I’ve been going to Chicago’s Riot Fest every year since 2014 and always have a good time. Here are my highlights from this year’s three-day festival, which is focused largely, but not exclusively, on punk rock.
The Dissidents and the Kid-Friendly
I wasn’t sure if Russian band Pussy Riot would appear, as one of its band members had recently been poisoned, allegedly by people who don’t like the band’s anti-government commentary, but they made it and vowed to find the people who poisoned Piotr.
Another band we might have expected to possibly not make it to Riot Fest was The Adolescents, whose founding member Steve Soto passed away in June. But they were there, honoring Soto with a big sign that was a variation of their famous royal blue self-titled album cover. Judging by their name, you might expect The Adolescents to be a wayward youth-themed band like Blink 182 or Teenage Bottlerocket, and some of their music falls into that category, but they also have a lot of political material. Watching them was very similar to the experience I had watching Leftover Crack (who also do a lot of political songs) at a previous Riot Fest. Perhaps that’s because The Adolescents and Leftover Crack share guitarist Brad Logan (the guy Rancid wrote a song about).
Riot Fest is an all-ages event and quite a few parents brought their young kids to watch the costume-clad Aquabats. The band had a kid-focused TV show in the past and said they hope to again someday. Fans of all ages enjoyed the pizza inflatables that accompanied the song “Pizza Day.” (I will note that the Aquabats were the only ska band this year. Usually there are three to five, and I always go to all of them. Hoping the count will be higher again next year.)
Newcomers and Veterans
Swmrs have a lot of good material and a lot of energy. Front man Cole Becker is a lanky guy who is fun to watch and whose moves remind me a bit of David McWane from Big D and the Kids Table.
Songs that he co-wrote with Morrissey for the Smiths comprised about half of Johnny Marr’s set, and I liked his other material, too.
Had to watch Blondie on the big screen.
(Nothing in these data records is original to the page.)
Lemma psd_trace_mul_ge0 T (Y Z : op R T) : psd Y -> psd Z -> 0 <= trace (mulop Y Z).
Proof.
move=> /psd_rank_one_decomposition [ws [ws_ge0 Ys]] Z_psd.
have -> : trace (mulop Y Z) = \sum_(w <- ws) w.1 * qform Z w.2.
  rewrite /trace /mulop /qform.
  under eq_bigr => i _ do under eq_bigr => j _ do rewrite Ys mulr_suml.
  rewrite exchange_big /=.
  under eq_bigr => j _ do rewrite exchange_big /=.
  rewrite exchange_big /=; apply: eq_bigr => w _.
  rewrite mulr_sumr; apply: eq_bigr => j _.
  by rewrite mulr_sumr; apply: eq_bigr => i _; ring.
rewrite big_seq_cond sumr_ge0 // => w /andP[w_in _].
by rewrite mulr_ge0 ?Z_psd //; move/allP: ws_ge0; apply.
Qed.
End PsdOperators.

Section ChoiStates.
Variable R : realType.
Local Notation C := R[i].
Variables (A Ap B : finType).
Local Notation state_vec := ((A * Ap)%type -> C).
Local Notation choi_op := (op R (Ap * B)%type).

Lemma rhoJE (xi : state_vec) (J : choi_op) a' b' a b :
  rhoJ xi J (a', b') (a, b) =
  \sum_u \sum_y J (u, b') (y, b) * xi (a', u) * conjc (xi (a, y)).
Proof.
rewrite /rhoJ /ptrace_mid /mulop /=; apply: eq_bigr => u _.
rewrite sum_pairE sum_pairE /reassoc /kron /ptransp2 /ketbra /idop /=.
transitivity (\sum_k1 (a' == k1)%:R * \sum_k2 \sum_k3
    (J (u, b') (k2, k3) * xi (k1, u) * conjc (xi (a, k2))) * (k3 == b)%:R).
  apply: eq_bigr => k1 _; rewrite mulr_sumr; apply: eq_bigr => k2 _.
  by rewrite mulr_sumr; apply: eq_bigr => k3 _; ring.
by rewrite sumr_delta_l; apply: eq_bigr => k2 _; rewrite sumr_delta.
Qed.

Definition xi_contract (xi : state_vec) (v : (A * B)%type -> C) : (Ap * B)%type -> C :=
  fun q => \sum_a conjc (xi (a, q.1)) * v (a, q.2).

Lemma rhoJ_apply (xi : state_vec) (J : choi_op) v a' b' :
  \sum_j rhoJ xi J (a', b') j * v j =
  \sum_u xi (a', u) * \sum_q J (u, b') q * xi_contract xi v q.
Proof.
rewrite sum_pairE.
under eq_bigr => a _ do under eq_bigr => b _ do rewrite rhoJE mulr_suml.
under eq_bigr => a _ do under eq_bigr => b _ do under eq_bigr => u _ do
  rewrite mulr_suml.
rewrite exchange_big /=.
under eq_bigr => b _ do rewrite exchange_big /=.
under eq_bigr => b _ do under eq_bigr => u _ do rewrite exchange_big /=.
rewrite exchange_big /=.
under eq_bigr => u _ do rewrite exchange_big /=.
apply: eq_bigr => u _; rewrite sum_pairE mulr_sumr; apply: eq_bigr => y _.
rewrite mulr_sumr; apply: eq_bigr => b _; rewrite /xi_contract /= !mulr_sumr.
by apply: eq_bigr => a _; ring.
Qed.

Lemma qform_rhoJ (xi : state_vec) (J : choi_op) v :
  qform (rhoJ xi J) v = qform J (xi_contract xi v).
Proof.
rewrite /qform.
under eq_bigr => i _ do under eq_bigr => j _ do rewrite -mulrA.
under eq_bigr => i _ do rewrite -mulr_sumr.
rewrite sum_pairE.
under eq_bigr => a _ do under eq_bigr => b _ do rewrite rhoJ_apply mulr_sumr.
rewrite exchange_big /=.
under eq_bigr => b _ do rewrite exchange_big /=.
rewrite exchange_big /= sum_pairE; apply: eq_bigr => u _; apply: eq_bigr => b _.
under [RHS]eq_bigr => j _ do rewrite -mulrA.
rewrite -mulr_sumr /xi_contract /= rmorph_sum mulr_suml; apply: eq_bigr => a _.
by rewrite rmorphM /= conjcK; ring.
Qed.

Lemma psd_rhoJ (xi : state_vec) (J : choi_op) : psd J -> psd (rhoJ xi J).
Proof. by move=> J_psd v; rewrite -/(qform _ v) qform_rhoJ; apply: J_psd. Qed.

Lemma choi_ptraceE (J : choi_op) u y : is_choi J -> \sum_b J (u, b) (y, b) = (u == y)%:R.
Proof. by case=> _ /(congr1 (fun f => f u y)). Qed.

Lemma trace_rhoJ (xi : state_vec) (J : choi_op) :
  is_unit_vector xi -> is_choi J -> trace (rhoJ xi J) = 1.
Proof.
move=> xi_unit J_choi; rewrite /trace sum_pairE -xi_unit sum_pairE.
apply: eq_bigr => a _; under eq_bigr => b _ do rewrite rhoJE.
rewrite exchange_big /=; apply: eq_bigr => u _; rewrite exchange_big /=.
transitivity (\sum_y (u == y)%:R * (xi (a, u) * conjc (xi (a, y)))).
  apply: eq_bigr => y _; rewrite -(choi_ptraceE u y J_choi) mulr_suml.
  by apply: eq_bigr => b _; rewrite mulrA.
by rewrite sumr_delta_l mulrC.
Qed.

Lemma state_rhoJ (xi : state_vec) (J : choi_op) :
  is_unit_vector xi -> is_choi J -> is_state (rhoJ xi J).
Proof. by move=> xi_unit J_choi; split; [apply: psd_rhoJ; case: J_choi | exact: trace_rhoJ]. Qed.

Lemma rhoJ_comb (xi : state_vec) (J1 J2 : choi_op) t s :
  rhoJ xi (addop (rscaleop t J1) (rscaleop s J2)) =
  addop (rscaleop t (rhoJ xi J1)) (rscaleop s (rhoJ xi J2)).
Proof.
apply/funext => -[a' b']; apply/funext => -[a b].
rewrite /addop /rscaleop !rhoJE !mulr_sumr -big_split; apply: eq_bigr => u _.
by rewrite !mulr_sumr -big_split; apply: eq_bigr => y _ /=; ring.
Qed.

Lemma choi_convex (J1 J2 : choi_op) t :
  is_choi J1 -> is_choi J2 -> 0 <= t <= 1 ->
  is_choi (addop (rscaleop t J1) (rscaleop (1 - t) J2)).
Proof.
move=> J1_choi J2_choi /andP[t_ge0 t_le1]; split.
  move=> v; rewrite -/(qform _ v).
  have -> : qform (addop (rscaleop t J1) (rscaleop (1 - t) J2)) v =
      (t%:C)%C * qform J1 v + ((1 - t)%:C)%C * qform J2 v.
    rewrite /qform /addop /rscaleop !mulr_sumr -big_split; apply: eq_bigr => i _.
    by rewrite !mulr_sumr -big_split; apply: eq_bigr => j _ /=; ring.
  by rewrite addr_ge0 // mulr_ge0 ?ler0c ?subr_ge0 //; [apply: J1_choi.1 | apply: J2_choi.1].
apply/funext => u; apply/funext => y.
rewrite /ptrace2 /addop /rscaleop big_split /= -!mulr_sumr !choi_ptraceE //.
by rewrite -mulrDl -rmorphD /= addrC subrK mul1r.
Qed.
End ChoiStates.

Section Measurement.
Variable R : realType.
Local Notation C := R[i].
Variables (T Cc : finType) (P : Cc -> op R T).

Lemma Re_sum (I : finType) (F : I -> C) :
  complex.Re (\sum_i F i) = \sum_i complex.Re (F i).
Proof. by apply: (big_morph _ (fun x y => raddfD _ x y)). Qed.

Lemma sum_Phi (rho : op R T) : is_povm P -> trace rho = 1 -> \sum_c Phi P rho c = 1.
Proof.
move=> [_ P_sum] rho_tr; rewrite /Phi -Re_sum (_ : 1 = complex.Re (1 : C)) // -rho_tr.
congr complex.Re; rewrite /trace /mulop exchange_big /=; apply: eq_bigr => i _.
rewrite exchange_big /=; under eq_bigr => j _ do rewrite -mulr_suml P_sum /idop.
exact: sumr_delta_l.
Qed.

Lemma Phi_ge0 (rho : op R T) c : is_povm P -> psd rho -> 0 <= Phi P rho c.
Proof.
move=> [P_psd _] rho_psd; have := psd_trace_mul_ge0 (P_psd c) rho_psd.
by rewrite lecE => /andP[].
Qed.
But I think you can tell that Debbie Harry has got to be one of sexiest septuagenarians ever.
My Favorite Stage and An Annual Tradition
I was too far away or the lighting wasn’t right to get photos of some of the bands. But those mentioned in this section are all in my compilation video here:
The band I was most excited to see was Face to Face. They played Friday night on the Rebel Stage, one of five stages at the festival and the smallest and most out of the way. Front man Trever Keith said he was expecting about 10 or 15 people, but there was a big crowd. I had the realization that the Rebel Stage is the best place to see a band at Riot Fest because everyone who finds their way there really wants to be there and you don’t have people coming and going and walking through the way you do with the other stages. There is also a hill at the back, so you can see well from almost anywhere.
As with some other festivals, Riot Fest generally doesn’t book the same band two years in a row, but they make an exception for heavy metal band Gwar, which comes every year. The band dresses in costume and is known for spraying stuff on the audience a la Blue Man Group. I watched them for the first time this year (from a safe distance), and although I won’t rush to do it again, I talked to some people who return every year to get splattered. Guitarist Michael Derks was diagnosed with bone marrow cancer last year and the band hasn’t played much this year, but as he put it, “What better place than Riot Fest to put the emo in chemo?”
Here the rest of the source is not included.